Anthropic shared internal metrics showing Claude now writes most merged code, while practitioners detailed the loops that make agents useful in real workflows. This brief focuses on copyable self-review, issue triage, prototyping, flaky-test debugging, and the newest releases from Cursor, LangChain, Codex, and Cognition.

## 🔥 TOP SIGNAL

Anthropic's Alex Albert shared the clearest production datapoint of the day: Claude now writes **>80%** of code merged into Anthropic's codebase, many researchers haven't hand-written code in months, engineers ship **8×** more code than in 2024, and open-ended engineering-task success rose from ~26% to **76%** in six months [^1]. In Matthew Berman's recap of Anthropic's talk, the median respondent estimated roughly **4×** more output with Mythos Preview, and he points out that human review becomes the bottleneck if code generation outruns review speed [^2].

## ⚡ TRY THIS

- **Peter Steinberger's `vision.md` issue sweeper.** 1) Write a `vision.md` with project goals, invariants, and explicit "want / don't want" rules. 2) On every new issue or PR, trigger Codex from a GitHub Action. 3) Have the agent read `vision.md` and either comment on or close the item. 4) Re-run the sweep weekly across open issues and PRs. Steinberger says this closed ~15k issues on his open-source projects, which fits his broader rule: help the agent close the loop autonomously [^3].
- **Make Codex review Codex before you land a PR.** Steinberger adds a one-line rule in `agents.md`: `before you commit or land a PR, if you haven't done auto review, run AutoReview and review again`, letting Codex call itself for multiple review/fix rounds.
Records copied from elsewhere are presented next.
Lemma compact_norm_bounded (T : ptopologicalType) (K : numFieldType)
    (f : T -> K) (S : set T) :
  continuous f -> compact S -> exists2 M, 0 <= M & forall x, S x -> `|f x| <= M.
Proof.
move=> cf; rewrite compact_cover => cS.
pose O t := f @^-1` ball (f t) 1.
have [D _ SD] : finite_subset_cover S O S.
  apply: cS => [t _|x Sx]; last by exists x => //; apply: ballxx.
  by apply: open_comp => [y _|]; [exact: cf | exact: ball_open].
have M0 : 0 <= \sum_(t <- D) (`|f t| + 1).
  by apply: sumr_ge0 => t _; rewrite addr_ge0.
exists (\sum_(t <- D) (`|f t| + 1)) => // x /SD[t tD].
rewrite /O /= -ball_normE /= => ftx.
have fxt : `|f x| <= `|f t| + 1.
  have -> : f x = f t - (f t - f x) by rewrite opprB addrC subrK.
  by apply: le_trans (ler_normB _ _) _; rewrite lerD2l ltW.
rewrite (bigD1_seq t) //= -[X in X <= _]addr0; apply: lerD => //.
by apply: sumr_ge0 => u _; rewrite addr_ge0.
Qed.

Lemma cvg0_norm_le (K : numFieldType) (T : Type) (F : set_system T) {FF : Filter F}
    (u v : T -> K) :
  (\forall x \near F, `|u x| <= v x) -> v x @[x --> F] --> 0 ->
  u x @[x --> F] --> 0.
Proof.
move=> uv /cvgr0Pnorm_le v0; apply/cvgr0Pnorm_le => e e0.
apply: filterS2 uv (v0 _ e0) => x uvx.
by rewrite ger0_norm ?(le_trans (normr_ge0 _) uvx) //; exact: le_trans.
Qed.

Lemma cvg_realC (R : realType) (u : nat -> R) (l : R) :
  u n @[n --> \oo] --> l -> ((u n)%:C : Cplx R) @[n --> \oo] --> (l%:C : Cplx R).
Proof.
move=> ul; apply/cvgrPdist_lt => e e0.
have Ime : complex.Im e = 0 by apply: ger0_Im; apply: ltW.
have Ree : 0 < complex.Re e by move: e0; rewrite ltcE => /andP[].
move/cvgrPdist_lt: ul => /(_ _ Ree); apply: filterS => n.
by rewrite -rmorphB normc_def /= expr0n /= addr0 sqrtr_sqr ltcE /= Ime eqxx.
Qed.

Section CompactlySupported.
Context (R : realType) (G : topologicalZmodType).

Lemma Cc_norm_bounded (f : G -> Cplx R) :
  Cc f -> exists2 M, 0 <= M & forall x, `|f x| <= M.
Proof.
case=> cf cS; have [M M0 fM] := @compact_norm_bounded (pointedG G) _ f _ cf cS.
exists M => // x; have [->|fx0] := eqVneq (f x) 0; first by rewrite normr0.
by apply: fM; apply: subset_closure.
Qed.

Lemma Cc_sum_bounded (X : set G) (f : G -> Cplx R) :
  uniformly_discrete X -> Cc f ->
  exists B, forall s, uniq s -> (forall y, y \in s -> X y) -> forall z,
    \sum_(y <- s) `|f (z - y)| <= B /\ \sum_(y <- s) `|f (y - z)| <= B.
Proof.
move=> udX Cf; have [M M0 fM] := Cc_norm_bounded Cf.
case: Cf => _; set S := closure _ => cS.
have cK : compact (S `|` [set - x | x in S]).
  apply: compactU => //; apply: continuous_compact => //.
  by apply: continuous_subspaceT => x; exact: opp_continuous.
have [N sizeN] := uniformly_discrete_size_le udX cK.
have S_supp x : f x != 0 -> S x by move=> fx; apply: subset_closure.
exists (M *+ N) => s us sX z.
split; apply: (sum_norm_le_sparse (sizeN z)) => // y ys /S_supp Sy;
  split; try exact: sX.
- by right; exists (z - y); rewrite ?opprB.
- by left.
Qed.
Put project invariants in `agents.md`, and periodically ask the agent to rewrite its own instructions or flag confusing sections; Theo's comparison is a useful reminder not to force one steering file across models—he keeps a much longer `Claude.md` because he steers Claude differently from OpenAI models [^3][^4].
- **Simon Willison's prototype-first API loop.** Start with `review the last commit`, then ask the agent to `brainstorm a prototype. Three features against that new API`; run it in a branch or worktree, test the throwaway prototype yourself, then feed the verified artifact back into production with a prompt like `add a paste file feature based on the prototype in File Paste HTML` [^5].
- **Stop tolerating flaky tests.** Willison's move: tell the agent `you've got Docker; try and reproduce this thing` when CI fails in a Linux or Python variant that doesn't fail locally, and let it reproduce the environment before diagnosing the bug [^5]. When the code path is important enough to inspect, switch into his "active refactoring" mode with prompts like `refactor the test to reduce duplicate code, rename variables, [ensure] consistency with this other file` or `explain it and add comments` [^5].

## 📡 WHAT SHIPPED

- **Cursor canvases** — New context explorer breaks down token use across system prompt, tool definitions, rules, skills, and more; Design Mode lets you select and annotate UI elements directly; canvases can now be published and shared via URL. Changelog: [cursor.com/changelog/canvas-improvements](http://cursor.com/changelog/canvas-improvements) [^6][^7][^8][^9]. Some users are already calling the publish flow "Cursor Sites" [^10].
- **LangSmith Engine** — LangChain is packaging the standard agent-improvement loop — `Trace → find failure patterns → fix prompts or code → create evals → test → ship → repeat` — and says Engine turns production traces into named issues, root-cause analysis, proposed fixes, and stronger eval coverage. June 11 walkthrough: [events.langchain.com/webinar/how-to-shorten-the-path-with-langsmith-engine/](https://events.langchain.com/webinar/how-to-shorten-the-path-with-langsmith-engine/) [^11][^12].
- **LangSmith Sandboxes** — GA's new Sandbox CLI can build snapshots from Dockerfiles, manage sandboxes, open interactive consoles, tunnel raw TCP, and expose sandboxes to `ssh`, `scp`, `rsync`, and `sftp` like a normal Linux box. Blog: [langchain.com/blog/langsmith-sandboxes-generally-available](https://www.langchain.com/blog/langsmith-sandboxes-generally-available) [^13].
- **Codex Python SDK** — OpenAI's programmatic Codex entry point is live via `pip install openai-codex`; docs: [developers.openai.com/codex/sdk#python-library](https://developers.openai.com/codex/sdk#python-library) [^14].
- **Fleet's boring-agent win** — LangChain says one of its first internally adopted Fleet agents, `@docs_plz`, takes a docs request in Slack, opens a ticket, and puts up a PR; Brace Sproul says docs shipping velocity "skyrocketed" after rollout. Product link: [fleet.langchain.com](https://fleet.langchain.com) [^15][^16][^17].
- **Cognition's long-horizon evals** — Devin's first public long-horizon eval covers real enterprise Java, TypeScript, Python, and C# feature work, bugfixes, and migrations using 258 sessions from 126 users; swyx contrasts its **up to 100-hour** task horizon with METR's ~16-hour cap, and scaling01 argues the benchmark may saturate quickly unless task distribution changes [^18][^19].

## 🎬 GO DEEPER

- **22:01-25:33 — Peter Steinberger on Crabbox.** A practical walkthrough of remote test execution on cloud VMs, cross-platform runs, VNC, and screenshot/click/type tools so an agent can do its own end-to-end verification instead of stopping at unit tests [^3].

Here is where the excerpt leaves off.